M5 Max is 2x our M3 Ultra prompt processing, M5 Ultra is 4x. Though with 2 Macs connected via thunderbolt, you get RDMA and more bandwidth, so that opens some other doors..
macarory@reddit
Sorry I don't have a lot of karma so can't post but want to add a question you maybe able to help me with.
I'm a Psychologist planning to purchase and use a nvidia spark to train models, I know it isn't great for inference so i'm looking at a Mac M3 Ultra with 215GB RAM for the inference machine.
My dilemma is that i am moving out of country, so this setup will be kept at home mostly. My brother will be the one to help manage the hardware if I ever need assistance with it, so I want to be reasonably setup to help him with it. I figured I could just ssh / remote connect to the Mac when needed using my macbook.
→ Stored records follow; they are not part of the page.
(* Continuous induction along the supremum of the interval on which the
   global bound already holds. *)
Lemma lipschitz_local_global01 (f : R -> W) (k : R) :
  (forall t, 0 <= t <= 1 -> exists2 d, 0 < d &
     forall v, `|v - t| < d -> `|f v - f t| <= k * `|v - t|) ->
  `|f 1 - f 0| <= k.
Proof.
move=> loc.
pose P t := forall u, 0 <= u <= t -> `|f u - f 0| <= k * u.
pose E := [set t : R | 0 <= t <= 1 /\ P t].
have E0 : E 0.
  split=> [|u /andP[u0 u1]]; first by rewrite lexx ler01.
  have -> : u = 0 by apply/eqP; rewrite eq_le u1 u0.
  by rewrite subrr normr0 mulr0.
have supE : has_sup E by split; [exists 0 | exists 1 => t [/andP[_ ->]]].
set s := sup E.
have s0 : 0 <= s by apply: sup_upper_bound.
have s1 : s <= 1 by apply: ge_sup; [exists 0 | move=> t [/andP[_ ->]]].
have [d d0 near_s] := loc s (introT andP (conj s0 s1)).
have below_s u : 0 <= u < s -> `|f u - f 0| <= k * u.
  move=> /andP[u0 us]; have su0 : 0 < s - u by rewrite subr_gt0.
  have [t [_ Pt] ut] := sup_adherent su0 supE.
  by apply: Pt; rewrite u0 ltW //; move: ut; rewrite /s; lra.
have Ps : P s.
  move=> u /andP[u0 us]; have [ult|su] := ltP u s; first by apply: below_s; rewrite u0.
  have -> : u = s by apply/eqP; rewrite eq_le us su.
  exact: increment_left_limit s0 d0 near_s below_s.
suff s_eq1 : s = 1 by rewrite -[X in _ <= X]mulr1 -s_eq1; apply: Ps; rewrite s0 lexx.
apply/eqP; rewrite eq_le s1 leNgt; apply/negP => slt1.
pose eta := Num.min (d / 2) (1 - s).
have eta0 : 0 < eta by rewrite lt_min divr_gt0 //= subr_gt0.
have eta_d : eta <= d / 2 by rewrite ge_min lexx.
have eta_1 : eta <= 1 - s by rewrite ge_min lexx orbT.
suff : E (s + eta) by move/sup_upper_bound => /(_ supE); rewrite -/s; lra.
split=> [|u /andP[u0 ue]]; first by apply/andP; split; lra.
have [us|su] := leP u s; first by apply: Ps; rewrite u0.
have us' : `|u - s| = u - s by rewrite ger0_norm // subr_ge0 ltW.
rewrite -[X in _ <= k * X](subr0 u); apply: (increment_chain (y := s)).
  by rewrite -us'; apply: near_s; rewrite us'; lra.
by rewrite subr0; apply: Ps; rewrite s0 lexx.
Qed.

Lemma mean_value_ineq01 (f f' : R -> W) (m : R) :
  has_derivative f f' -> (forall tau, 0 <= tau <= 1 -> `|f' tau| <= m) ->
  `|f 1 - f 0| <= m.
Proof.
move=> df f'_le; apply/ler_addgt0Pr => eps eps0.
apply: lipschitz_local_global01 => t t01.
have [d [d0 df_t]] := df t eps eps0.
exists d => // v vt; have := df_t (v - t) vt; rewrite [t + _]addrC subrK => rem.
rewrite -(subrK ((v - t) *: f' t) (f v - f t)).
apply: le_trans (ler_normD _ _) _; rewrite normrZ.
by have := f'_le t t01; have := normr_ge0 (v - t); nra.
Qed.

Lemma has_derivativeB (f f' g g' : R -> W) :
  has_derivative f f' -> has_derivative g g' ->
  has_derivative (fun t => f t - g t) (fun t => f' t - g' t).
Proof.
move=> df dg tau e e0.
have [d1 [d10 df_tau]] := df tau _ (divr_gt0 e0 (ltr0Sn _ 1)).
have [d2 [d20 dg_tau]] := dg tau _ (divr_gt0 e0 (ltr0Sn _ 1)).
exists (Num.min d1 d2); split; first by rewrite lt_min d10 d20.
move=> eta; rewrite lt_min => /andP[eta1 eta2].
have -> : f (tau + eta) - g (tau + eta) - (f tau - g tau) - eta *: (f' tau - g' tau) =
    (f (tau + eta) - f tau - eta *: f' tau) - (g (tau + eta) - g tau - eta *: g' tau).
  by rewrite scalerBr; zmodule_eq.
by apply: le_trans (ler_normB _ _) _; have := df_tau _ eta1; have := dg_tau _ eta2; lra.
Qed.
Does this sound sufficient?
forestryfowls@reddit
I just set up Tailscale and it is amazing at being able to connect to my homelab wherever. The iOS app is even really polished for allowing me to use something like Termius for remote tmux sessions.
Possible-Pirate9097@reddit
Use TEE/TDX.
-dysangel-@reddit (OP)
yep sounds fine to me - I connect into my Mac over ZeroTier when I'm away from home, and it works great
Not_HFM@reddit
Do you think this setup would work with an M2 Ultra (192 GB) so the two machines are matched?
-dysangel-@reddit (OP)
Oh wow I didn't know that the M2 Ultra basically has as much bandwidth as the M3 Ultra! Yeah I think that would be a big win.
chorl@reddit
Which kind of connections are you using? QSFP (50 Gbps?) or plain Ethernet 10Gb?
-dysangel-@reddit (OP)
Yeah just the 10GbE atm. I've been wondering about Thunderbolt to 25GbE. I don't know any other options yet. I was wondering if you could somehow bond a bunch of Thunderbolt connections to link up to 200GbE on the Spark, but it feels like a lot of work for diminishing returns when prompt processing time already massively outweighs the transfer time.
tamerlanOne@reddit
Ma vale anche per strix halo?
-dysangel-@reddit (OP)
Sure - you can transfer the KV cache between any two machines as long as you use a shared format, and have a fast enough connection. I'm just using 10GbE just now, but it's already enough to save a few seconds on a 4k prompt to Minimax M2.7.